Stored data entries:
-=-=-

(* A nilpotent map acts as 0 on the line B / A. *)
Lemma nilpotent_stable_codim1 A B u K :
  (A <= B)%MS -> \rank B = (\rank A).+1 -> (A *m u <= A)%MS ->
  (B *m u <= B)%MS -> u ^+ K = 0 -> (B *m u <= A)%MS.
Proof.
move=> sAB rB Au Bu uK.
have /row_subPn[j nvA] : ~~ (B <= A)%MS by apply/negP => /mxrankS; rewrite rB ltnn.
set v := row j B in nvA; have vB : (v <= B)%MS := row_sub j B.
have eB : (A + v == B)%MS.
  have sAvB : (A + v <= B)%MS by rewrite addsmx_sub sAB vB.
  rewrite -(eq_leqif (mxrank_leqif_eq sAvB)) eqn_leq (mxrankS sAvB) rB.
  have : (A < A + v)%MS.
    by rewrite ltmxE addsmxSl; apply: contra nvA; apply: submx_trans; exact: addsmxSr.
  by rewrite ltmxErank => /andP[].
have [a [c [aA /sub_rVP[lam ->] e]]] : exists a c, [/\ (a <= A)%MS, (c <= v)%MS & v *m u = a + c].
  by apply: sub_addsmx_rVP; rewrite (eqmxP eB) (submx_trans _ Bu) // submxMr.
have vuk k : exists2 ak, (ak <= A)%MS & v *m u ^+ k = ak + lam ^+ k *: v.
  elim: k => [|k [ak akA ek]]; first by exists 0; rewrite ?sub0mx // expr0 mulmx1 scale1r add0r.
  exists (ak *m u + lam ^+ k *: a).
    by rewrite addmx_sub ?scalemx_sub // (submx_trans _ Au) // submxMr.
  rewrite exprSr -mulmxE mulmxA ek mulmxDl -scalemxAl e scalerDr addrA.
  by rewrite scalerA -exprSr.
have lam0 : lam = 0.
  have [aK aKA] := vuk K.+1; rewrite exprSr uK mul0r mulmx0 => /esym /eqP.
  rewrite addr_eq0 => /eqP eK; apply/eqP; have := expf_eq0 lam K.+1; rewrite /= => <-.
  apply: contraR nvA => nz; rewrite -[v](scalerK nz) scalemx_sub //.
  by rewrite (_ : _ *: v = - aK) ?eqmx_opp // eK opprK.
move: e; rewrite lam0 scale0r addr0 => e.
apply: mulmx_sub_rV => w; rewrite -(eqmxP eB) => /sub_addsmx_rVP[a1 [c1 [a1A /sub_rVP[mu ->] ->]]].
rewrite mulmxDl -scalemxAl e addmx_sub ?scalemx_sub //.
by rewrite (submx_trans _ Au) // submxMr.
Qed.

End NilpotentStable.

Section HermitianForm.
Variables (F : fieldType) (conj : {rmorphism F -> F}) (n : nat).
Hypothesis conjK : involutive conj.
Variable b : 'rV[F]_n -> 'rV[F]_n -> F.
Hypothesis b_sesq : sesq_form conj b.
Hypothesis b_herm : herm_form conj b.
Hypothesis b_nondeg : sesq_nondegenerate b.
Implicit Types (x y : 'rV[F]_n) (u v : 'M[F]_n).

Lemma bDl x x' y : b (x + x') y = b x y + b x' y.
Proof. by have := b_sesq.1 1 x x' y; rewrite scale1r rmorph1 mul1r. Qed.
Lemma b0l y : b 0 y = 0.
Proof. by have := bDl 0 0 y; rewrite addr0 => /(canLR (addrK _)); rewrite subrr. Qed.
Lemma bZl a x y : b (a *: x) y = conj a * b x y.
Proof. by have := b_sesq.1 a x 0 y; rewrite !addr0 b0l addr0. Qed.
Lemma bDr x y y' : b x (y + y') = b x y + b x y'.
Proof. by have := b_sesq.2 1 x y y'; rewrite scale1r mul1r. Qed.
Lemma b0r x : b x 0 = 0.
Proof. by have := bDr x 0 0; rewrite addr0 => /(canLR (addrK _)); rewrite subrr. Qed.
Lemma bZr a x y : b x (a *: y) = a * b x y.
Proof. by have := b_sesq.2 a x y 0; rewrite !addr0 b0r addr0. Qed.
Lemma bBr x y y' : b x (y - y') = b x y - b x y'.
Proof. by rewrite bDr -scaleN1r bZr mulN1r. Qed.
Lemma b_suml I (r : seq I) (P : pred I) (f : I -> 'rV[F]_n) y :
  b (\sum_(i <- r | P i) f i) y = \sum_(i <- r | P i) b (f i) y.
Proof. by elim/big_rec2: _ => [|i y1 y2 _ <-]; rewrite ?b0l ?bDl. Qed.
Lemma b_sumr I (r : seq I) (P : pred I) (f : I -> 'rV[F]_n) x :
  b x (\sum_(i <- r | P i) f i) = \sum_(i <- r | P i) b x (f i).
Proof. by elim/big_rec2: _ => [|i y1 y2 _ <-]; rewrite ?b0r ?bDr. Qed.

Lemma b_inj y y' : (forall x, b x y = b x y') -> y = y'.
Proof.
move=> H; apply/eqP; rewrite -subr_eq0; apply/eqP/b_nondeg => x.
by rewrite bBr H subrr.
Qed.

Lemma mulmx_rV_inj u v : (forall y : 'rV_n, y *m u = y *m v) -> u = v.
Proof. by move=> H; apply/row_matrixP => i; rewrite !rowE H. Qed.

Definition gram : 'M[F]_n := \matrix_(k, l) b (delta_mx 0 k) (delta_mx 0 l).

Lemma b_gram x y : b x y = (map_mx conj x *m gram *m y^T) 0 0.
Proof.
rewrite {1}(row_sum_delta x) {1}(row_sum_delta y) b_suml.
rewrite mxE; under [RHS]eq_bigr do rewrite !mxE big_distrl /=.
rewrite exchange_big /=; apply: eq_bigr => k _.
rewrite bZl b_sumr big_distrr /=; apply: eq_bigr => l _.
by rewrite bZr !mxE [y 0 l * _]mulrC mulrA.
Qed.

Lemma gram_unit : gram \in unitmx.
Proof.
rewrite -unitmx_tr -row_free_unit; apply: inj_row_free => v vG.
have e : gram *m v^T = (v *m gram^T)^T by rewrite trmx_mul trmxK.
by apply: b_nondeg => x; rewrite b_gram -mulmxA e vG trmx0 mulmx0 mxE.
Qed.

Definition adjoint u : 'M[F]_n := (invmx gram *m map_mx conj u *m gram)^T.

Lemma adjointP u x y : b (x *m u) y = b x (y *m adjoint u).
Proof.
by rewrite !b_gram /adjoint trmx_mul trmxK !mulmxA mulmxK ?gram_unit // map_mxM.
Qed.

Lemma adjointPl u x y : b (x *m adjoint u) y = b x (y *m u).
Proof. by rewrite [LHS]b_herm -adjointP [b (y *m u) x]b_herm conjK. Qed.

Lemma adjointK : involutive adjoint.
Proof. by move=> u; apply: mulmx_rV_inj => y; apply: b_inj => x; rewrite -adjointP adjointPl. Qed.

Lemma adjointD u v : adjoint (u + v) = adjoint u + adjoint v.
Proof. by rewrite /adjoint map_mxD mulmxDr mulmxDl raddfD. Qed.

Lemma adjointZ a u : adjoint (a *: u) = conj a *: adjoint u.
Proof.
rewrite /adjoint map_mxZ -scalemxAr -scalemxAl.
by apply/matrixP => i j; rewrite !mxE.
Qed.

Lemma b_hermitianE u : b_hermitian b u <-> adjoint u = u.
Proof.
split=> [hu|au x y]; last by rewrite adjointP au.
by apply: mulmx_rV_inj => y; apply: b_inj => x; rewrite -adjointP hu.
Qed.

Lemma b_hermitian_exp u : b_hermitian b u ->
  forall k x y, b (x *m u ^+ k) y = b x (y *m u ^+ k).
Proof.
move=> hu; elim => [|k IH] x y; first by rewrite expr0 !mulmx1.
by rewrite [in LHS]exprSr [in RHS]exprS -!mulmxE !mulmxA hu IH.
Qed.

Definition perp m (X : 'M[F]_(m, n)) : 'M[F]_n := kermx ((map_mx conj X *m gram)^T).

Lemma perpP m (X : 'M[F]_(m, n)) y :
  (y <= perp X)%MS <-> (forall x, (x <= X)%MS -> b x y = 0).
Proof.
have e : y *m (map_mx conj X *m gram)^T = (map_mx conj X *m gram *m y^T)^T.
  by rewrite (trmx_mul _ y^T) trmxK.
rewrite /perp sub_kermx e trmx_eq0; split.
  move=> /eqP X0 x /submxP[D ->]; rewrite b_gram map_mxM -!mulmxA.
  by rewrite [map_mx conj X *m _]mulmxA X0 mulmx0 mxE.
move=> H; apply/eqP/matrixP => i j; rewrite ord1 [RHS]mxE.
have : (row i (map_mx conj X *m gram *m y^T)) 0 0 = 0.
  by rewrite !row_mul -map_row -b_gram H ?row_sub.
by rewrite mxE.
Qed.

Lemma perp_sym m (X : 'M[F]_(m, n)) x y :
  (y <= perp X)%MS -> (x <= X)%MS -> b y x = 0.
Proof. by move=> /perpP H xX; rewrite b_herm H // rmorph0. Qed.

Lemma mxrank_perp m (X : 'M[F]_(m, n)) : \rank (perp X) = (n - \rank X)%N.
Proof.
rewrite mxrank_ker mxrank_tr mxrankMfree ?mxrank_map //.
by rewrite row_free_unit gram_unit.
Qed.

Lemma perpK (X : 'M[F]_n) : (perp (perp X) :=: X)%MS.
Proof.
apply/eqmx_sym/eqmxP; rewrite -(eq_leqif (mxrank_leqif_eq _)).
  by rewrite !mxrank_perp subKn ?rank_leq_col.
by apply/rV_subP => x xX; apply/perpP => y yp; exact: perp_sym yp xX.
Qed.

Lemma perpS m1 m2 (X : 'M[F]_(m1, n)) (Y : 'M[F]_(m2, n)) :
  (X <= Y)%MS -> (perp Y <= perp X)%MS.
Proof.
move=> sXY; apply/rV_subP => y /perpP H; apply/perpP => x xX.
by apply: H; rewrite (submx_trans xX).
Qed.

Lemma perp_stable u (X : 'M[F]_n) :
  b_hermitian b u -> (X *m u <= X)%MS -> (perp X *m u <= perp X)%MS.
Proof.
move=> hu Xu; apply: mulmx_sub_rV => y /perpP H; apply/perpP => x xX.
by rewrite -hu H // (submx_trans _ Xu) // submxMr.
Qed.

Lemma adjoint_mulmx_sub u (X Y : 'M[F]_n) :
  (perp Y *m u <= perp X)%MS -> (X *m adjoint u <= Y)%MS.
Proof.
move=> H; suff: (X *m adjoint u <= perp (perp Y))%MS by rewrite perpK.
apply: mulmx_sub_rV => a aX.
apply/perpP => y yY; rewrite -adjointP; apply: (perp_sym _ aX).
by rewrite (submx_trans _ H) // submxMr.
Qed.

Variables (nu : nat) (E : 'M[F]_n).
Hypothesis E_rank : \rank E = nu.
Hypothesis E_sing : totally_singular b E.
Hypothesis witt_max : forall X : 'M[F]_n, totally_singular b X -> (\rank X <= nu)%N.

Lemma singular_sub_perp : (E <= perp E)%MS.
Proof. by apply/rV_subP => y yE; apply/perpP => x xE; apply: E_sing. Qed.

Lemma witt_index_le : (nu + nu <= n)%N.
Proof.
have := mxrankS singular_sub_perp; rewrite mxrank_perp E_rank.
by have := rank_leq_col E; rewrite E_rank; lia.
Qed.

(* Otherwise E + x would be a larger totally singular subspace. *)
Lemma isotropic_perp_sub x : (x <= perp E)%MS -> b x x = 0 -> (x <= E)%MS.
Proof.
move=> xP xx.
have ts : totally_singular b (E + x)%MS.
  move=> z w /sub_addsmx_rVP[e1 [c1 [e1E /sub_rVP[a ->] ->]]].
  move=> /sub_addsmx_rVP[e2 [c2 [e2E /sub_rVP[c ->] ->]]].
  rewrite !bDl !bDr !bZl !bZr xx E_sing // (perp_sym xP) //.
  by move/perpP: xP => ->; rewrite // !mulr0 !addr0.
have sEX : (E <= E + x)%MS := addsmxSl E x.
have XE : (E + x <= E)%MS.
  by rewrite -(eq_leqif (mxrank_leqif_sup sEX)) eqn_leq mxrankS // E_rank witt_max.
exact: submx_trans (addsmxSr E x) XE.
Qed.
Lemma value_sum_true_ge y0 :
  legal c2 Y true y0 -> value2 Y true <= value_sum (sum_set S Y) true.
Proof.
move=> Ly0; have [y Ly ->] := value_attained e2 Ly0; have /andP[yY _] := Ly.
have Lz : legal cs (sum_set S Y) true (inr y) by rewrite legal_sumr.
move: (move_value_le_value es Lz).
by rewrite /move_value /= gain_sumr // after_sumr // value_sum_afterr.
Qed.

Lemma value_sum_false_le y0 :
  legal c2 Y false y0 -> value_sum (sum_set S Y) false <= value2 Y false.
Proof.
move=> Ly0; have [y Ly ->] := value_attained e2 Ly0; have /andP[yY _] := Ly.
have Lz : legal cs (sum_set S Y) false (inr y) by rewrite legal_sumr.
move: (value_le_move_value es Lz).
by rewrite /move_value /= gain_sumr // after_sumr // value_sum_afterr.
Qed.

Lemma value_sum_step b : value_sum (sum_set S Y) b = value2 Y b.
Proof.
have le_true := value_sum_true_le; have ge_false := value_sum_false_ge.
have [y0 Ly0|noY] := pickP (legal c2 Y true).
  have [y1 Ly1] := legal_opposite e2_bip YA Ly0.
  have ge_true := value_sum_true_ge Ly0; have le_false := value_sum_false_le Ly1.
  by apply/eqP; case: (b); rewrite eq_le ?le_true ?ge_true ?le_false ?ge_false.
have SYA : active es (sum_set S Y) = sum_set S Y by rewrite active_sum_set SA YA.
have := value_right_first_le (sum_rel_sym e1_sym e2_sym) (sum_rel_bip e1_bip e2_bip) SYA.
have Y0 : Y = set0 by apply: (no_legal_set0 e2_bip (b := true)) => // y; rewrite noY.
move: le_true ge_false; rewrite Y0 !value_set0; case: (b); lia.
Qed.

End Step.

Theorem value_sum_sg_stable S Y b : active e1 S = S -> sg_stable sg S -> active e2 Y = Y ->
  value es cs (sum_set S Y) b = value e2 c2 Y b.
Proof.
move: {2}(#|S| + #|Y|).+1 (ltnSn (#|S| + #|Y|)) => k.
elim: k S Y b => // k IH S Y b SYk SA SI YA.
apply: value_sum_step => // S' Y' ltSY SA' SI' YA' b'.
by apply: IH => //; lia.
Qed.

End SumMirror.

Lemma odd_card_symdiff (T : finType) (A B : {set T}) :
  odd #|(A :\: B) :|: (B :\: A)| = odd #|A| (+) odd #|B|.
Proof.
have disj : (A :\: B) :&: (B :\: A) = set0.
  by apply/setP => v; rewrite !inE; case: (v \in A); case: (v \in B).
rewrite cardsU disj cards0 subn0 -(cardsID B A) -(cardsID A B) setIC !oddD.
by case: (odd #|B :&: A|); case: (odd _); case: (odd _).
Qed.
(* Let $\mathfrak g$ be a finite-dimensional simple complex Lie algebra of classical type, $\mathfrak a\subseteq\mathfrak g$ a semisimple Levi subalgebra and $\lambda\in P^+$. Then the assignment $w_{\pi(\lambda)}\mapsto w_\lambda$ extends to a homomorphism of $\mathfrak a\otimes\mathbb C[t]$-modules $W^{\mathfrak a}(\pi(\lambda))\to W^{\mathfrak g}(\lambda)$.
   Context: $\mathfrak g$ is a finite-dimensional simple complex Lie algebra of classical type with triangular decomposition $\mathfrak g=\mathfrak n^+\oplus\mathfrak h\oplus\mathfrak n^-$, roots $R$, positive roots $R^+$, dominant integral weights $P^+$, $\mathfrak{sl}_2$-triples $x^\pm_\alpha,h_\alpha$. A Levi subalgebra is, for $R'\subseteq R$ closed under addition (within $R$) and under $\alpha\mapsto-\alpha$, $\mathfrak a=\sum_{\alpha\in R'}[\mathfrak g_\alpha,\mathfrak g_{-\alpha}]\oplus\bigoplus_{\alpha\in R'}\mathfrak g_\alpha$, semisimple with induced triangular decomposition $\mathfrak n^\pm_{\mathfrak a}\subseteq\mathfrak n^\pm$, $\mathfrak h_{\mathfrak a}\subseteq\mathfrak h$, positive roots $R'\cap R^+$; $\pi:\mathfrak h^*\to\mathfrak h^*_{\mathfrak a}$ is restriction, mapping $P^+$ to the dominant integral weights of $\mathfrak a$. Current algebra $\mathfrak g\otimes\mathbb C[t]$ with $[x\otimes p,y\otimes q]=[x,y]\otimes pq$. The global Weyl module $W^{\mathfrak g}(\lambda)$ is the $\mathfrak g\otimes\mathbb C[t]$-module generated by $w_\lambda$ subject to $(\mathfrak n^+\otimes\mathbb C[t]).w_\lambda=0$, $(h\otimes1).w_\lambda=\lambda(h)w_\lambda$ for $h\in\mathfrak h$, $(x^-_\alpha\otimes1)^{\lambda(h_\alpha)+1}.w_\lambda=0$ for $\alpha\in R^+$; $W^{\mathfrak a}(\mu)$ with generator $w_\mu$ is defined in the same way for $\mathfrak a$ and $\mu$ dominant integral for $\mathfrak a$. *)

From HB Require Import structures.
From mathcomp Require Import all_boot all_order all_algebra.
From mathcomp Require Import reals complex.
Set Implicit Arguments. Unset Strict Implicit. Unset Printing Implicit Defensive.
Import Order.TTheory GRing.Theory Num.Theory.
Local Open Scope ring_scope.

Section Lie.
Variable F : fieldType.
Variable N : nat.
Notation mat := 'M[F]_N.
Notation weight := (mat -> F).

Definition bracket (x y : mat) : mat := x *m y - y *m x.

Definition sl_pred (x : mat) : Prop := \tr x = 0.
(* Lie algebra of the bilinear form with Gram matrix J *)
Definition form_pred (J : mat) (x : mat) : Prop := x^T *m J + J *m x = 0.
Definition J_orth : mat :=
  \matrix_(i < N, j < N) (if (i + j == N.-1)%N then 1 else 0).
(* symplectic form [[0, K], [-K, 0]], K the antidiagonal identity (N even) *)
Definition J_symp : mat :=
  \matrix_(i < N, j < N)
    (if (i + j == N.-1)%N then (if (i < N./2)%N then 1 else -1) else 0).
Lemma tsp_le_perimeter S u v w : {subset S <= [:: u; v; w]} ->
  tsp e S <= d u v + d v w + d w u.
Proof.
move=> Suvw.
have [p [ep lastp <-]] := shortest_path_exists u v.
have [q [eq lastq <-]] := shortest_path_exists v w.
have [r [er lastr <-]] := shortest_path_exists w u.
rewrite -!size_cat -catA; apply: (@tsp_le_walk _ u).
- by rewrite !cat_path ep lastp eq lastq er.
- by rewrite !last_cat lastp lastq lastr.
move=> z /Suvw /[!mem_seq3] /or3P[] /eqP ->; first exact: mem_head.
  by apply: mem_cat_last; rewrite lastp mem_head.
by rewrite catA; apply: mem_cat_last; rewrite last_cat lastp lastq mem_head.
Qed.

Lemma steiner_le_dist S u v : {subset S <= [:: u; v]} -> steiner e S <= d u v.
Proof.
move=> Suv; have [p [ep lastp <-]] := shortest_path_exists u v.
apply: leq_trans (card_walk_edges u p); apply: steiner_le_walk => // z.
by move=> /Suv /[!mem_seq2] /orP[] /eqP ->; rewrite ?mem_head // -lastp mem_last.
Qed.

Lemma tsp_pair S : #|S| = 2 -> tsp e S = 2 * steiner e S.
Proof.
move=> /eqP/cards2P[u [v [_ Suv]]].
have S_ne0 : [set u; v] != set0 by apply/set0Pn; exists u; exact: set21.
apply/eqP; rewrite Suv eqn_leq tsp_le_double_steiner //=.
have := tsp_ge_perimeter (set21 u v) (set22 u v) (set22 u v).
have Suv' : {subset [set u; v] <= [:: u; v]} by move=> z; rewrite !inE.
have := steiner_le_dist Suv'; rewrite distxx (distC v u); lia.
Qed.

Lemma closed_walk_there_and_back x q : path e x q ->
  let p := q ++ reverse_walk x q in
  [/\ path e x p, last x p = x & walk_edges x p = walk_edges x q].
Proof.
move=> eq /=; rewrite cat_path last_cat last_reverse_walk walk_edges_cat.
by rewrite walk_edges_reverse setUid eq path_reverse_walk.
Qed.
Lemma cvg_mixed_moment_continuous {phi : E -> R} {psi : E' -> R} :
  continuous phi -> continuous psi ->
  (forall x, 0 <= phi x <= 1) -> (forall x', 0 <= psi x' <= 1) ->
  (fun l => M_ l phi psi) @ \oo --> M phi psi.
Proof.
move=> cphi cpsi phi01 psi01; apply: (joint_cvg (fun p => phi p.1 * psi p.2)); split.
  move=> [x x']; apply: continuousM.
    by apply: (continuous_comp (f := fst)); [exact: cvg_fst|exact: cphi].
  by apply: (continuous_comp (f := snd)); [exact: cvg_snd|exact: cpsi].
exists 1 => -[x x'] /=; rewrite ger0_norm;
  by case/andP: (mixed_integrand01 x x' (borel01_continuous cphi phi01)
                                      (borel01_continuous cpsi psi01)).
Qed.

Lemma cvg_mixed_moment_indic {A : set E} {g : E' -> R} : Borel A ->
  P (R0 @^-1` boundary A) = 0%E -> continuous g -> (forall x', 0 <= g x' <= 1) ->
  (fun l => M_ l \1_A g) @ \oo --> M \1_A g.
Proof.
move=> BA A0 cg g01; have Bg := borel01_continuous cg g01.
have BA1 : borel01 (\1_A : E -> R) := borel01_indic BA.
pose U : set E := interior A; pose C : set E := closure A.
have [oU cC] : open U /\ closed C by split; [exact: open_interior|exact: closed_closure].
have [UA AC] : U `<=` A /\ A `<=` C by split; [exact: interior_subset|exact: subset_closure].
have Blo k := borel01_continuous (continuous_approx_open U k) (approx_open01 U k).
have Bup k := borel01_continuous (continuous_approx_indic C k) (approx_indic01 C k).
have M_bd (B : set E) : Borel B -> U `<=` B -> B `<=` C -> M \1_B g = M \1_A g.
  by move=> BB UB BC; apply: (mixed_moment_indic_boundary P _ _ mR0 mR0' BA BB Bg A0 UB BC).
rewrite -(fineK (M_fin BA1 Bg)).
apply: (@cvge_sandwich _ _ (fun k l => M_ l (approx_open U k) g)
  (fun k l => M_ l (approx_indic C k) g) (fun k => M (approx_open U k) g)
  (fun k => M (approx_indic C k) g)); try by move=> *; exact: M_fin_ || exact: M_fin.
- move=> k l; rewrite !le_mixed_moment // => x.
    exact: indic_le_approx_indic.
  exact: approx_open_le_indic.
- move=> k; exact: cvg_mixed_moment_continuous (continuous_approx_open U k) cg
    (approx_open01 U k) g01.
- move=> k; exact: cvg_mixed_moment_continuous (continuous_approx_indic C k) cg
    (approx_indic01 C k) g01.
- rewrite fineK ?M_fin // -(M_bd U (Borel_open oU) (@subset_refl _ U) (subset_trans UA AC)).
  apply: (cvg_mixed_moment _ _ _ mR0 mR0' Blo (fun=> Bg)) => [x|x']; last exact: cvg_cst.
  exact: cvg_approx_open.
- rewrite fineK ?M_fin // -(M_bd C (Borel_closed cC) (subset_trans UA AC) (@subset_refl _ C)).
  apply: (cvg_mixed_moment _ _ _ mR0 mR0' Bup (fun=> Bg)) => [x|x']; last exact: cvg_cst.
  exact: cvg_approx_indic.
Qed.

Section regular_set.
Context {A : set E}.
Hypotheses (BA : Borel A) (A0 : P (R0 @^-1` boundary A) = 0%E)
  (A_cond : (0 < P (R0 @^-1` A))%E ->
     weak_conv_law_cond nu (fun l => Rl l @^-1` A) Rl' P R0').

Lemma cvg_mixed_moment_ratio {g : E' -> R} : (0 < P (R0 @^-1` A))%E ->
  continuous g -> (forall x', 0 <= g x' <= 1) ->
  (fun l => M_ l \1_A g / M_ l \1_A (cst 1%R))%E @ \oo --> M (cst 1%R) g.
Proof.
move=> PApos cg g01; have gbc : bounded_continuous g.
  by split => //; exists 1 => x'; case/andP: (g01 x') => g0 g1; rewrite ger0_norm.
rewrite (_ : M (cst 1%R) g = \int[P]_w (g (R0' w))%:E)%E; last first.
  by apply: eq_integral => w _; rewrite mul1r.
under eq_cvg do rewrite mixed_moment_indicl (mixed_moment_indic_cst1 _ _ _ (mRl _) (mRl' _) BA).
exact: A_cond PApos g gbc.
Qed.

-=-=-

WORK REQUEST. Of the lines above, retype only those from the line containing "Lemma perp_sym m" through the line containing "rewrite mxrank_ker mxrank_tr", including both, exactly.

COMPLETED EXERCISE.
Lemma perp_sym m (X : 'M[F]_(m, n)) x y :
  (y <= perp X)%MS -> (x <= X)%MS -> b y x = 0.
Proof. by move=> /perpP H xX; rewrite b_herm H // rmorph0. Qed.

Lemma mxrank_perp m (X : 'M[F]_(m, n)) : \rank (perp X) = (n - \rank X)%N.
Proof.
rewrite mxrank_ker mxrank_tr mxrankMfree ?mxrank_map //.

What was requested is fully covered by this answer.